Happy Thanksgiving everyone!


----------



## James (Apr 29, 2002)

Well Deric came over today and totally did all the wiring... I'm a dumbass when it comes to wiring so major thanks to Deric for the help! :thumbup: He also helped me lift the tranny up into place! I tried Javier's recemendation to 'bench press' the tranny in place... Javier is strong....

Mostly done, need to put on the downpipe tomorrow and put the fender wells back on... oh and poor that thick shockproof gear oil in! Bleh... hope it doesn't take an hour...


----------



## James (Apr 29, 2002)

k got it on the ground yesterday and took like half an hour to put in the shockproof...

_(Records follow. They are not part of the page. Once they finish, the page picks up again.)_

(* Under the hypotheses of Theorem 4 (either case (i) or case (ii)), the solution also satisfies \[ \lim_{t\to\infty}\frac{x(t)}{F^{-1}(t)}=+\infty\qquad\text{and}\qquad\lim_{t\to\infty}\frac{F(x(t))}{t}=0. \] Here Theorem 4's hypotheses are: $f\in C(\mathbb{R};\mathbb{R})$ locally Lipschitz with $f(0)=0$, $xf(x)>0$ for $x\neq0$; $g\in C([0,\infty);\mathbb{R})$ with $g(t)>0$ for $t>0$; $\xi>0$; $x$ is the unique continuous solution of $x'(t)=-f(x(t))+g(t)$, $x(0)=\xi$, and $x(t)\to0$; $\lim_{t\to\infty}g(t)/f(F^{-1}(t))=+\infty$; $f\in\mathrm{RV}_0(\beta)$ with $\beta>1$; $g\in\mathrm{RV}_\infty(-\theta)$ with either $\theta>0$, or $\theta=0$ and $g$ asymptotic to a decreasing function.
   Context: $F(x)=\int_x^1 \frac{du}{f(u)}$ for $x>0$, strictly decreasing with inverse $F^{-1}$. $\mathrm{RV}_0(\beta)$: measurable positive $\varphi$ on $(0,\infty)$ with $\varphi(\lambda x)/\varphi(x)\to\lambda^\beta$ as $x\to0^+$ for every $\lambda>0$. $\mathrm{RV}_\infty(\alpha)$: measurable positive $h$ with $h(\lambda t)/h(t)\to\lambda^\alpha$ as $t\to\infty$ for every $\lambda>0$. *)

From Stdlib Require Import Reals Lra.
Open Scope R_scope.

Definition IsF (f F : R -> R) : Prop :=
  forall x, 0 < x ->
    exists pr : Riemann_integrable (fun u => / f u) x 1, F x = RiemannInt pr.

(* Finv is the inverse of F (on the range of F, which contains [T,+oo)). *)
Definition IsFinv (F Finv : R -> R) : Prop :=
  exists T, forall t, T <= t -> 0 < Finv t /\ F (Finv t) = t.

Definition tends_to_pinfty (h : R -> R) : Prop :=
  forall M, exists T, forall t, T <= t -> M < h t.

Definition tends_to_at_pinfty (h : R -> R) (l : R) : Prop :=
  forall eps, 0 < eps -> exists T, forall t, T <= t -> Rabs (h t - l) < eps.

Definition loc_lipschitz (f : R -> R) : Prop :=
  forall a, 0 < a -> exists L, forall x y, Rabs x <= a -> Rabs y <= a ->
    Rabs (f x - f y) <= L * Rabs (x - y).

My stupid cheap aftermarket shiftknob broke the little plastic piece inside so now I have to drive it with just the shifter! thats if I could drive it... put on the clutch cable... too long!!! so I have to go pick one up today and put it in... then I just have to clean up and put in the ecu and bammo... done... well except for the fact I have no hood!!! I'll take a few spins around the block!


----------



## James (Apr 29, 2002)

Ok, swaps done. Deric came back over and helped me finish the wiring! What a nice guy huh? :thumbup: 

On startup it started up right away after we got everything hooked up right... Haven't driven it yet but will tomorrow around the block!

Total down time was about 6 days. About 14 hrs of work. Most of the time was one person doing the work but Deric helped a lot, without him the car would still be up on jacks. So with two ppl the whole time I think 9hrs is possible to do the swap. 

Hardest part was the pedals and the wiring. :cheers:


----------



## OmegaManEX (Oct 4, 2002)

good job .. i envy you now 
no pics 

me next for the swap


----------



## James (Apr 29, 2002)

Just drove it! Here's a digi pic of my face right now:


----------



## James (Apr 29, 2002)

Practiced a bit more today... clutch was tightened and made it a lot simpler to drive...  i still stall once every three times... bleh... but once I went around on a straight and hit second and third!!! man this thing is quick!!! :thumbup:


----------



## javierb14 (Jul 9, 2002)

James said:


> I tried Javier's recemendation to 'bench press' the tranny in place... Javier is strong....


lol....glad to hear you got it running :cheers:


----------